Naturally, pipelines can be much longer and more complex. This is about as simple as it gets. Now we can also define the combinations of hyperparameters that should be tested using the PySpark ML API’s built-in support, ParamGridBuilder. It’s also time to define the evaluation metric that will be used to pick the “best” hyperparameters, and that is again MulticlassClassificationEvaluator:

from pyspark.ml.tuning import ParamGridBuilder

paramGrid = ParamGridBuilder(). \
  addGrid(classifier.impurity, ["gini", "entropy"]). \
  addGrid(classifier.maxDepth, [1, 20]). \
  addGrid(classifier.maxBins, [40, 300]). \
  addGrid(classifier.minInfoGain, [0.0, 0.05]). \
  build()

multiclassEval = MulticlassClassificationEvaluator(). \
  setLabelCol("Cover_Type"). \
  setPredictionCol("prediction"). \
  setMetricName("accuracy")

This means that a model will be built and evaluated for two values of four hyperparameters.
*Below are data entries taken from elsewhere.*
(* There is an absolute constant $C>0$ such that the following holds. Let $G$ be a finite graph with $n$ vertices, and let $\epsilon>0$ satisfy $\epsilon n < n-1$. If $G$ is $\epsilon$-distance-uniform with critical distance $d$, then \[ d \le 2^{C\,\frac{\log n}{\log \epsilon^{-1}}}. \] (In the paper's notation: $d = 2^{O\left(\frac{\log n}{\log \epsilon^{-1}}\right)}$.)
   Context: For a parameter $\epsilon>0$, an $n$-vertex graph $G$ is called $\epsilon$-distance-uniform if there is a value $d$, called the critical distance, such that for every vertex $v$, all but at most $\epsilon n$ of the other vertices are at graph distance exactly $d$ from $v$. The ratio $\frac{\log n}{\log \epsilon^{-1}}$ does not depend on the base of the logarithm. *)

From mathcomp Require Import all_boot.
From Stdlib Require Import Reals.

Set Implicit Arguments.
Unset Strict Implicit.
Unset Printing Implicit Defensive.

(* A finite simple graph is a symmetric irreflexive relation e on a finType T. *)

Fixpoint walk_set (T : finType) (e : rel T) (u : T) (k : nat) : {set T} :=
  match k with
  | 0 => [set u]
  | k'.+1 => [set y | [exists x in walk_set e u k', e x y]]
  end.

Definition dist_eq (T : finType) (e : rel T) (u v : T) (d : nat) : bool :=
  (v \in walk_set e u d) && [forall k : 'I_d, v \notin walk_set e u k].

Definition distance_uniform (T : finType) (e : rel T) (eps : R) (d : nat) : Prop :=
  forall v : T,
    (INR #|[set w | (w != v) && ~~ dist_eq e v w d]| <= eps * INR #|T|)%R.

(* Let s <= eps n bound the number of vertices off the critical sphere of any
   vertex.  If v is fixed and r < R/2 <= d/2, averaging over the sphere of radius d
   around v gives a z on it at distance d from all but a (s+1)/(n-1-s) fraction of
   the ball B(v,R); the ball of radius r around the point of a shortest v-z walk at
   distance R - r from v lies in B(v,R) and is closer than d to z, so it is smaller
   than B(v,R) by that factor.  Iterating along the radii 2^j - 1 gives
   (n-1-s)^k <= n (s+1)^k for 2^k <= d + 1, hence log d = O(log n / log (1/eps))
   when eps < 1/16, while for larger eps the trivial bound d < n suffices. *)

From mathcomp Require Import all_boot zify.

Set Implicit Arguments.
Unset Strict Implicit.
Unset Printing Implicit Defensive.

Lemma card_sep_sum (T : finType) (A : {set T}) (P : pred T) :
  #|[set x in A | P x]| = \sum_(x in A) P x.
Proof.
rewrite -sum1_card big_mkcond [RHS]big_mkcond /=.
by apply: eq_bigr => x _; rewrite inE; case: (x \in A); case: (P x).
Qed.

Lemma double_count (T U : finType) (A : {set T}) (B : {set U}) (r : T -> U -> bool) :
  \sum_(x in A) #|[set y in B | r x y]| = \sum_(y in B) #|[set x in A | r x y]|.
Proof.
under eq_bigr do rewrite card_sep_sum.
by rewrite exchange_big; apply: eq_bigr => y _; rewrite card_sep_sum.
Qed.

Lemma exists_le_average (T : finType) (A : {set T}) (F : T -> nat) :
  A != set0 -> exists2 x, x \in A & #|A| * F x <= \sum_(y in A) F y.
Proof.
case/set0Pn => x0 x0A; have [x xA x_min] := arg_minnP F x0A.
by exists x => //; rewrite -sum_nat_const leq_sum.
Qed.

Section Walks.
Variables (T : finType) (e : rel T).
Hypothesis e_sym : symmetric e.
Notation W := (walk_set e).

Lemma walk_setS u k x : (x \in W u k.+1) = [exists y in W u k, e y x].
Proof. by rewrite /= inE. Qed.

Lemma walk_set_cat u a x b y : x \in W u a -> y \in W x b -> y \in W u (a + b).
Proof.
move=> xW; elim: b y => [|b IH] y; first by rewrite inE addn0 => /eqP->.
rewrite addnS !walk_setS => /existsP[z /andP[zW e_zy]].
by apply/existsP; exists z; rewrite IH.
Qed.

Lemma walk_set_split u a b y :
  y \in W u (a + b) -> exists2 x, x \in W u a & y \in W x b.
Proof.
elim: b y => [|b IH] y; first by rewrite addn0 => yW; exists y; rewrite ?inE.
rewrite addnS walk_setS => /existsP[z /andP[/IH[x xW zW] e_zy]].
by exists x => //; rewrite walk_setS; apply/existsP; exists z; rewrite zW.
Qed.

Lemma walk_set_sym u k y : y \in W u k -> u \in W y k.
Proof.
elim: k y => [|k IH] y; first by rewrite !inE eq_sym.
rewrite walk_setS => /existsP[z /andP[/IH zW e_zy]].
have yz : z \in W y 1 by rewrite walk_setS; apply/existsP; exists y; rewrite inE eqxx e_sym.
by rewrite -add1n; apply: walk_set_cat yz zW.
Qed.

Definition sphere u k : {set T} := [set x | dist_eq e u x k].

Definition off_sphere u k : {set T} := [set x | (x != u) && ~~ dist_eq e u x k].

Definition ball u k : {set T} := [set x | [exists j : 'I_k.+1, x \in W u j]].

Lemma ballP u k x : reflect (exists2 j, j <= k & x \in W u j) (x \in ball u k).
Proof.
rewrite inE; apply: (iffP existsP) => [[j xW]|[j j_le xW]].
  by exists j; rewrite -1?ltnS.
by exists (Ordinal (j_le : j < k.+1)).
Qed.

Lemma ball_center u k : u \in ball u k.
Proof. by apply/ballP; exists 0; rewrite ?inE. Qed.

Lemma walk_set_sub_ball u k x : x \in W u k -> x \in ball u k.
Proof. by move=> xW; apply/ballP; exists k. Qed.

Lemma subset_ball u j k : j <= k -> ball u j \subset ball u k.
Proof.
move=> le_jk; apply/subsetP => x /ballP[i le_ij xW].
by apply/ballP; exists i; first exact: leq_trans le_jk.
Qed.

Lemma ball_trans u a x b y : x \in ball u a -> y \in ball x b -> y \in ball u (a + b).
Proof.
move=> /ballP[i le_ia xW] /ballP[j le_jb yW].
by apply/ballP; exists (i + j); [exact: leq_add | exact: walk_set_cat xW yW].
Qed.

Lemma ball_sym u k y : y \in ball u k -> u \in ball y k.
Proof. by move=> /ballP[j le_jk yW]; apply/ballP; exists j; last exact: walk_set_sym. Qed.

Lemma ball_not_dist_eq u x k d : x \in ball u k -> k < d -> ~~ dist_eq e u x d.
Proof.
move=> /ballP[j le_jk xW] lt_kd; rewrite negb_and negb_forall; apply/orP; right.
by apply/existsP; exists (Ordinal (leq_ltn_trans le_jk lt_kd)); rewrite negbK.
Qed.

Lemma ball_proper v w d j : dist_eq e v w d -> j < d -> ball v j \proper ball v j.+1.
Proof.
move=> /andP[wW w_far] lt_jd; rewrite properE subset_ball //=.
move: wW; rewrite -(subnKC lt_jd) => /walk_set_split[q qW wW].
apply/subsetPn; exists q; first exact: walk_set_sub_ball.
apply: contraL (w_far) => q_near; rewrite negb_forall; apply/existsP.
have /ballP[i le_i wW'] := ball_trans q_near (walk_set_sub_ball wW).
have lt_id : i < d by lia.
by exists (Ordinal lt_id); rewrite negbK.
Qed.

Lemma dist_eq_lt_card v w d : dist_eq e v w d -> d < #|T|.
Proof.
move=> vw; apply: leq_trans (max_card (ball v d)).
suff: forall j, j <= d -> j < #|ball v j| by apply.
elim=> [|j IH] le_jd; first by apply/card_gt0P; exists v; exact: ball_center.
exact: leq_ltn_trans (IH (ltnW le_jd)) (proper_card (ball_proper vw le_jd)).
Qed.

End Walks.

Section CriticalDistance.
Variables (T : finType) (e : rel T) (d s : nat).
Hypothesis e_sym : symmetric e.
Hypothesis card_off_sphere_le : forall x, #|off_sphere e x d| <= s.
Hypothesis card_gt : s.+1 < #|T|.

Lemma card_setC_sphere x : #|~: sphere e x d| <= s.+1.
Proof.
apply: leq_trans (_ : #|x |: off_sphere e x d| <= _).
  apply/subset_leq_card/subsetP => y; rewrite !inE.
  by case: eqVneq => //= yx ->.
by have := card_off_sphere_le x; rewrite cardsU1; case: (_ \notin _) => /=; lia.
Qed.

Lemma card_sphere_ge v : #|T| - s.+1 <= #|sphere e v d|.
Proof. by rewrite [X in _ <= X]cardsCs leq_sub2l ?card_setC_sphere. Qed.

Lemma sphere_neq0 v : sphere e v d != set0.
Proof. by rewrite -card_gt0; apply: leq_trans (card_sphere_ge v); rewrite subn_gt0. Qed.

Lemma critical_lt_card : d < #|T|.
Proof.
have [v _] : exists v, v \in [set: T] by apply/set0Pn; rewrite -card_gt0 cardsT; lia.
have /set0Pn[w] := sphere_neq0 v; rewrite inE; exact: dist_eq_lt_card.
Qed.

Lemma ball_growth v r R : r.*2 < R -> R <= d ->
  exists p, #|ball e p r| * (#|T| - s.+1) <= #|ball e v R| * s.+1.
Proof.
move=> lt_rR le_Rd; pose near z := [set x in ball e v R | z \notin sphere e x d].
have [z zS z_avg] := exists_le_average (fun z => #|near z|) (sphere_neq0 v).
have sum_near : \sum_(z in sphere e v d) #|near z| <= #|ball e v R| * s.+1.
  rewrite double_count -sum_nat_const leq_sum // => x _.
  apply: leq_trans (card_setC_sphere x); apply/subset_leq_card/subsetP => y.
  by rewrite !inE => /andP[].
move: zS; rewrite inE => /andP[]; rewrite -(subnKC (_ : R - r <= d)); last lia.
move=> /walk_set_split[p pW zW] _; exists p.
have near_ball : ball e p r \subset near z.
  apply/subsetP => x x_near; rewrite inE; apply/andP; split.
    by rewrite -(subnK (_ : r <= R)) ?(ball_trans (walk_set_sub_ball pW)) //; lia.
  rewrite inE; apply: (ball_not_dist_eq (k := r + (d - (R - r)))); last lia.
  exact: ball_trans (ball_sym e_sym x_near) (walk_set_sub_ball zW).
apply: leq_trans (leq_mul (subset_leq_card near_ball) (card_sphere_ge v)) _.
by rewrite mulnC; apply: leq_trans z_avg sum_near.
Qed.

Lemma card_ball_pow_ge k v : 2 ^ k <= d.+1 ->
  (#|T| - s.+1) ^ k <= #|ball e v (2 ^ k).-1| * s.+1 ^ k.
Proof.
elim: k v => [|k IH] v le_d.
  by rewrite muln1 card_gt0; apply/set0Pn; exists v; exact: ball_center.
have exp_gt0 := expn_gt0 2 k.
have lt_rR : ((2 ^ k).-1).*2 < (2 ^ k.+1).-1 by rewrite expnS; lia.
have le_Rd : (2 ^ k.+1).-1 <= d by rewrite expnS in le_d *; lia.
have [p grow] := ball_growth v lt_rR le_Rd.
rewrite [(_ - _) ^ _]expnSr; apply: leq_trans (leq_mul (IH p _) (leqnn _)) _.
  by rewrite expnS in le_d; lia.
by rewrite mulnAC [s.+1 ^ k.+1]expnS mulnA leq_mul.
Qed.

Lemma critical_pow_le k : 2 ^ k <= d.+1 -> (#|T| - s.+1) ^ k <= #|T| * s.+1 ^ k.
Proof.
have [v _] : exists v, v \in [set: T] by apply/set0Pn; rewrite -card_gt0 cardsT; lia.
move=> /(card_ball_pow_ge v) /leq_trans; apply; exact/leq_mul/leqnn/max_card.
Qed.

Lemma critical_distance_eq1 : s = 0 -> d = 1.
Proof.
move=> s0; have far v w : w != v -> dist_eq e v w d.
  move=> wv; apply: contraT => w_near.
  have := card_off_sphere_le v; rewrite s0 leqn0 cards_eq0 => /eqP off0.
  by have := in_set0 w; rewrite -off0 inE wv w_near.
have /card_gt1P[w [v [_ _ wv]]] : 1 < #|T| by lia.
have vw_far := far v w wv.
case: (ltngtP d 1) => [lt_d1 | gt_d1 | //].
  by move: vw_far; rewrite (_ : d = 0); [rewrite /dist_eq inE (negbTE wv) | lia].
have /properP[_ [q q1 q0]] := ball_proper vw_far (ltnW gt_d1).
have qv : q != v by apply: contraNneq q0 => ->; exact: ball_center.
by have := ball_not_dist_eq q1 gt_d1; rewrite far.
Qed.

End CriticalDistance.

(* Imported only now: Reals rebinds the nat_scope notation [^] to Nat.pow. *)
From Stdlib Require Import Reals Lra.

Section CriticalExponent.
Local Open Scope R_scope.

Lemma ln_le x y : 0 < x -> x <= y -> ln x <= ln y.
Proof. by move=> x_gt0 [/(ln_increasing _ _ x_gt0) /Rlt_le | ->] //; exact: Rle_refl. Qed.

Variables (n eps : R).
Hypotheses (n_ge0 : 0 <= n) (eps_gt0 : 0 < eps) (eps_n_lt : eps * n < n - 1).

Lemma critical_size_gt1 : 1 < n.
Proof. nra. Qed.

Let inv_eps_gt1 : 1 < / eps.
Proof. rewrite -Rinv_1; apply: Rinv_lt_contravar; nra. Qed.

Let ln_n_gt0 : 0 < ln n.
Proof. by rewrite -ln_1; apply: ln_increasing; [lra | exact: critical_size_gt1]. Qed.

Let ln_inv_eps_gt0 : 0 < ln (/ eps).
Proof. by rewrite -ln_1; apply: ln_increasing; lra. Qed.

Lemma critical_exponent_ge0 : 0 <= ln n / ln (/ eps).
Proof. by apply: Rlt_le; apply: Rdiv_lt_0_compat. Qed.

Lemma one_le_Rpower_critical : 1 <= Rpower 2 (4 * (ln n / ln (/ eps))).
Proof.
rewrite -(Rpower_O 2); last lra.
apply: Rle_Rpower; first lra.
have := critical_exponent_ge0; lra.
Qed.

Lemma critical_exponent_ge1 : 1 <= eps * n -> 1 <= ln n / ln (/ eps).
Proof.
move=> eps_n_ge1.
have : ln (/ eps) <= ln n.
  apply: ln_le; first lra.
  apply: (Rmult_le_reg_l eps) => //; rewrite Rinv_r; lra.
move=> le_ln; apply: (Rmult_le_reg_r (ln (/ eps))) => //.
rewrite /Rdiv Rmult_assoc Rinv_l; lra.
Qed.

Lemma Rpower_inv_critical : Rpower (/ eps) (ln n / ln (/ eps)) = n.
Proof. by rewrite /Rpower Rmult_assoc Rinv_l ?Rmult_1_r ?exp_ln //; have := critical_size_gt1; lra. Qed.

(* 2 ^ (4 L) = 16 ^ L >= (1 / eps) ^ L = n for L = ln n / ln (1 / eps). *)
Lemma n_le_Rpower_large_eps : / 16 <= eps -> n <= Rpower 2 (4 * (ln n / ln (/ eps))).
Proof.
move=> eps_ge.
have pow_2_4 : Rpower 2 4 = 16.
  by rewrite (_ : 4 = INR 4) ?Rpower_pow /=; [ring | lra | rewrite /=; ring].
rewrite -Rpower_mult pow_2_4.
rewrite -{1}Rpower_inv_critical; apply: Rle_Rpower_l; first exact: critical_exponent_ge0.
split; first lra.
rewrite -(Rinv_inv 16); apply: Rinv_le_contravar; lra.
Qed.

Lemma le_critical_exponent_small_eps (s : R) (k : nat) : eps < / 16 -> 1 <= s <= eps * n ->
  (n - 1 - s) ^ k <= n * (s + 1) ^ k -> INR k <= 2 * (ln n / ln (/ eps)).
Proof.
move=> eps_lt [s_ge1 s_le] growth.
have q_gt0 : 0 < / (4 * eps) by apply: Rinv_0_lt_compat; lra.
have q_pow_le : (/ (4 * eps)) ^ k <= n.
  have m_gt0 : 0 < (2 * eps * n) ^ k by apply: pow_lt; nra.
  have : (2 * eps * n * / (4 * eps)) ^ k <= n * (2 * eps * n) ^ k.
    apply: (Rle_trans _ ((n - 1 - s) ^ k)).
      apply: pow_incr; split; [apply: Rlt_le |]; field_simplify; nra.
    apply: (Rle_trans _ _ _ growth); apply: Rmult_le_compat_l; first lra.
    by apply: pow_incr; lra.
  rewrite Rpow_mult_distr => le_m; apply: (Rmult_le_reg_l _ _ _ m_gt0); lra.
have k_ln_q : INR k * ln (/ (4 * eps)) <= ln n.
  by rewrite -ln_pow //; apply: ln_le => //; apply: pow_lt.
have ln_q : ln (/ eps) <= 2 * ln (/ (4 * eps)).
  have ln_inv4 : ln (/ 4) = - ln 4 by apply: ln_Rinv; lra.
  rewrite Rinv_mult ln_mult ?ln_inv4; try (apply: Rinv_0_lt_compat; lra).
  have : ln 16 <= ln (/ eps).
    apply: ln_le; first lra.
    rewrite -(Rinv_inv 16); apply: Rinv_le_contravar; lra.
  by rewrite (_ : 16 = 4 * 4) ?ln_mult; lra.
apply: (Rmult_le_reg_r _ _ _ ln_inv_eps_gt0).
rewrite Rmult_assoc /Rdiv Rmult_assoc Rinv_l; last lra.
have := pos_INR k; nra.
Qed.

Lemma critical_distance_le_Rpower (s d : R) (k : nat) :
  1 <= s <= eps * n -> d < n -> (n - 1 - s) ^ k <= n * (s + 1) ^ k ->
  d + 1 <= 2 ^ S k -> d <= Rpower 2 (4 * (ln n / ln (/ eps))).
Proof.
move=> s_bounds d_lt growth d_le.
have [eps_small | eps_large] := Rlt_le_dec eps (/ 16).
- have k_le := le_critical_exponent_small_eps eps_small s_bounds growth.
  have L_ge1 : 1 <= ln n / ln (/ eps) by apply: critical_exponent_ge1; lra.
  apply: (Rle_trans _ (2 ^ S k)); first lra.
  rewrite -Rpower_pow; last lra.
  by apply: Rle_Rpower; rewrite ?S_INR; lra.
- by have := n_le_Rpower_large_eps eps_large; lra.
Qed.

End CriticalExponent.

Lemma INR_expn m k : INR (expn m k) = pow (INR m) k.
Proof. by elim: k => [|k IH]; rewrite ?expnS ?mult_INR ?IH. Qed.

Theorem theorem1 :
  exists C : R, (0 < C)%R /\
    forall (T : finType) (e : rel T), symmetric e -> irreflexive e ->
    forall (eps : R) (d : nat),
      (0 < eps)%R ->
      (eps * INR #|T| < INR #|T| - 1)%R ->
      distance_uniform e eps d ->
      (INR d <= Rpower 2 (C * (ln (INR #|T|) / ln (/ eps))))%R.
Proof.
exists 4%R; split; first lra.
(* Loops do not shorten walks. *)
move=> T e e_sym _ eps d eps_gt0 eps_n_lt unif.
set n := #|T| in eps_n_lt *.
have n_gt1 := critical_size_gt1 (pos_INR n) eps_gt0 eps_n_lt.
have card_gt0 : 0 < n by apply/ltP/INR_lt => /=; lra.
have [x0 max_x0] := eq_bigmax (fun x => #|off_sphere e x d|) card_gt0.
set s := \max_x _ in max_x0.
have s_le : (INR s <= eps * INR n)%R by rewrite max_x0; exact: unif.
have s_max x : #|off_sphere e x d| <= s by exact: leq_bigmax.
have lt_n : s.+1 < n by apply/ltP/INR_lt; rewrite S_INR; lra.
(* Without exceptional vertices eps can be arbitrarily small: only d = 1 helps. *)
have [s0 | s_gt0] := posnP s.
  rewrite (critical_distance_eq1 s_max lt_n s0).
  exact: one_le_Rpower_critical (pos_INR _) eps_gt0 eps_n_lt.
have k_lo := trunc_logP (isT : 1 < 2) (ltn0Sn d).
have k_hi := trunc_log_ltn d.+1 (isT : 1 < 2).
move: (trunc_log 2 d.+1) k_lo k_hi => k k_lo k_hi.
apply: (critical_distance_le_Rpower (pos_INR _) eps_gt0 eps_n_lt (s := INR s) (k := k)).
- by split; [apply: (le_INR 1); apply/leP | ].
- by apply: lt_INR; apply/ltP; exact: critical_lt_card s_max lt_n.
- have -> : (INR n - 1 - INR s = INR (n - s.+1))%R.
    by rewrite minus_INR ?S_INR; [ring | apply/leP; exact: ltnW].
  rewrite -S_INR -!INR_expn -mult_INR multE; apply/le_INR/leP.
  exact: (critical_pow_le e_sym s_max lt_n k_lo).
- by rewrite -S_INR -[2%R]/(INR 2) -INR_expn; apply/le_INR/leP/ltnW.
Qed.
That’s 16 models. They’ll be evaluated by multiclass accuracy. Finally, TrainValidationSplit brings these components together—the pipeline that makes models, model evaluation metrics, and hyperparameters to try—and can run the evaluation on the training data. It’s worth noting that CrossValidator could be used here as well to perform full k-fold cross-validation, but it is k times more expensive and doesn’t add as much value in the presence of big data. So, TrainValidationSplit is used here:

from pyspark.ml.tuning import TrainValidationSplit

validator = TrainValidationSplit(seed=1234,
  estimator=pipeline,
  evaluator=multiclassEval,
  estimatorParamMaps=paramGrid,
  trainRatio=0.9)

validator_model = validator.fit(train_data)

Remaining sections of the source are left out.